The SSCS is a two-way data communication system designed to provide voice and telemetry among the Space Shuttle orbiter, the International Space Station, and the Extra Vehicular Activity Mobility Unit (EMU). An EMU is a space suit worn by an astronaut during a space walk. Image Credit: NASA

When Johnson Space Center’s Matt Lemke showed up for work as the project manager of the Space-to-Space Communications System (SSCS) at the end of 1994, he discovered that the project he had inherited was not the one he expected. On his second day on the job, Lemke, an experienced avionic engineer but newly assigned project manager, attended a kickoff meeting with Litton Industries, who had recently been selected as the project’s prime contractor. Lemke had read the contract beforehand and understood the terms of the agreement. He planned to hand the Litton team a set of engineering drawings that had been developed before his arrival so they could get started. After handshakes and introductions, he turned to his NASA colleague who had supported the contract agreement with Litton just weeks before, and asked for the drawings. The response stunned Lemke: “What drawings?”

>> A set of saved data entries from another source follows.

(* Let $m\ge 2$ be an integer and consider a preferential (dynamic) attachment circuit of index $m$. Let $Y_n^{(0)}$ and $Y_n^{(1)}$ be the numbers of nodes of outdegree $0$ and of outdegree $1$ in the circuit after $n$ insertions. Then for every $n\ge 1$, $$\mathbb{E}[Y_n^{(0)}]=\frac{(m+1)n+m}{2m+1},\qquad \mathbb{E}[Y_n^{(1)}]=\frac{(m+1)(n-1)\bigl((2m^2+2m)n+2m^2+m+1\bigr)}{2(3m+1)(2m+1)\bigl((m+1)n-1\bigr)},$$ and consequently, as $n\to\infty$, $\mathbb{E}[Y_n^{(0)}]\sim \frac{m+1}{2m+1}\,n$ and $\mathbb{E}[Y_n^{(1)}]\sim \frac{m(m+1)}{(3m+1)(2m+1)}\,n$.
   Context: Preferential (dynamic) attachment circuit of index $m\ge1$: at time $0$ there is a single node labeled $0$. At each time $n\ge1$ a new node labeled $n$ is added and $m$ parents are chosen for it one at a time, with replacement, among nodes $0,\dots,n-1$. Before the $(i+1)$-th choice ($i=0,\dots,m-1$), each existing node $v$ is chosen with probability $\frac{d_i(v)+1}{\sum_{x}(d_i(x)+1)}$, where $d_i(x)$ is the outdegree of $x$ in the current multigraph, which already includes the edges created by the first $i$ choices for node $n$; after each choice an edge from the chosen parent to node $n$ is immediately added (multiple edges between the same pair are allowed and counted with multiplicity). The outdegree of a node is the number of edges (with multiplicity) going to nodes with larger labels. *)

From HB Require Import structures.
From mathcomp Require Import all_boot all_order all_algebra.
From mathcomp Require Import all_classical all_reals all_analysis.
Set Implicit Arguments. Unset Strict Implicit. Unset Printing Implicit Defensive.
Import Order.TTheory GRing.Theory Num.Theory.
Local Open Scope ring_scope.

The SSCS is a two-way communications system that was designed to provide voice and telemetry data between the space shuttle orbiter, the International Space Station, and the Extra Vehicular Activity Mobility Unit (EMU). This system enabled simultaneous communication among up to five users.

The formal start of the SSCS project coincided closely with a reorganization within the Engineering Directorate at Johnson Space Center. The Tracking and Communications Division and the Flight Data Systems Division merged into a new Avionic Systems Division. At the same time, a new Project Management Office was created to manage the engineering project teams that in the past had interacted directly with the Space shuttle or Space Station programs. Both administrative changes led to mixed morale, and several key engineers with radio expertise opted not to work for the Project Management Office, which now had oversight over the SSCS project.

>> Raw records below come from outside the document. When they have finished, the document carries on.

(* Let $X=(X,d,\mu)$ be a metric measure space with $\mu$ uniformly locally doubling, and let $\theta\ge0$. Then $\mathcal{ADR}_\theta(X)\subset\mathcal{LCR}_\theta(X)$.
   Context: A metric measure space is a triple $X=(X,d,\mu)$ with $(X,d)$ a complete separable metric space and $\mu$ a Borel regular measure with $0<\mu(B)<\infty$ for every ball $B$ and $\operatorname{supp}\mu=X$. All balls are closed: $B_r(x)=\{y:d(x,y)\le r\}$. $\mu$ is uniformly locally doubling if for every $R>0$, $\sup_{r\in(0,R]}\sup_{x}\mu(B_{2r}(x))/\mu(B_r(x))<\infty$. For $\theta\ge0$, $E\subset X$, $\delta\in(0,\infty]$: $\mathcal H_{\theta,\delta}(E)=\inf\{\sum_i\mu(B_{r_i}(x_i))/r_i^\theta:E\subset\bigcup_iB_{r_i}(x_i),\ r_i<\delta\}$ (at most countable coverings by balls), $\mathcal H_\theta(E)=\lim_{\delta\to0}\mathcal H_{\theta,\delta}(E)$. $S\in\mathcal{ADR}_\theta(X)$ (codimension-$\theta$ Ahlfors–David regular) if there are $c_1,c_2>0$ with $c_1\mu(B_r(x))/r^\theta\le\mathcal H_\theta(B_r(x)\cap S)\le c_2\mu(B_r(x))/r^\theta$ for all $x\in S$, $r\in(0,1]$. $S\in\mathcal{LCR}_\theta(X)$ (lower codimension-$\theta$ content regular) if there is $\lambda>0$ with $\mathcal H_{\theta,r}(B_r(x)\cap S)\ge\lambda\mu(B_r(x))/r^\theta$ for all $x\in S$, $r\in(0,1]$. *)

From HB Require Import structures.
From mathcomp Require Import all_boot all_order all_algebra.
From mathcomp Require Import all_classical all_reals all_analysis.
Set Implicit Arguments. Unset Strict Implicit. Unset Printing Implicit Defensive.
Import Order.TTheory GRing.Theory Num.Theory.
Local Open Scope classical_set_scope.
Local Open Scope ring_scope.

At about the same time, the Engineering Directorate awarded a new engineering support contract to Lockheed. While Lockheed was also the previous support contractor, the new contract had a number of provisions that drove off many engineers. All of the contractor designers on SSCS left the project in the six months prior to Litton being awarded the manufacturing contract.

In short, Matt Lemke found himself at the beginning of his first significant NASA project management assignment under a new internal organization, with no engineering drawings, none of the designers who had worked on the earlier phase of the development, and a project team with no expertise in the SSCS complex radio system architecture.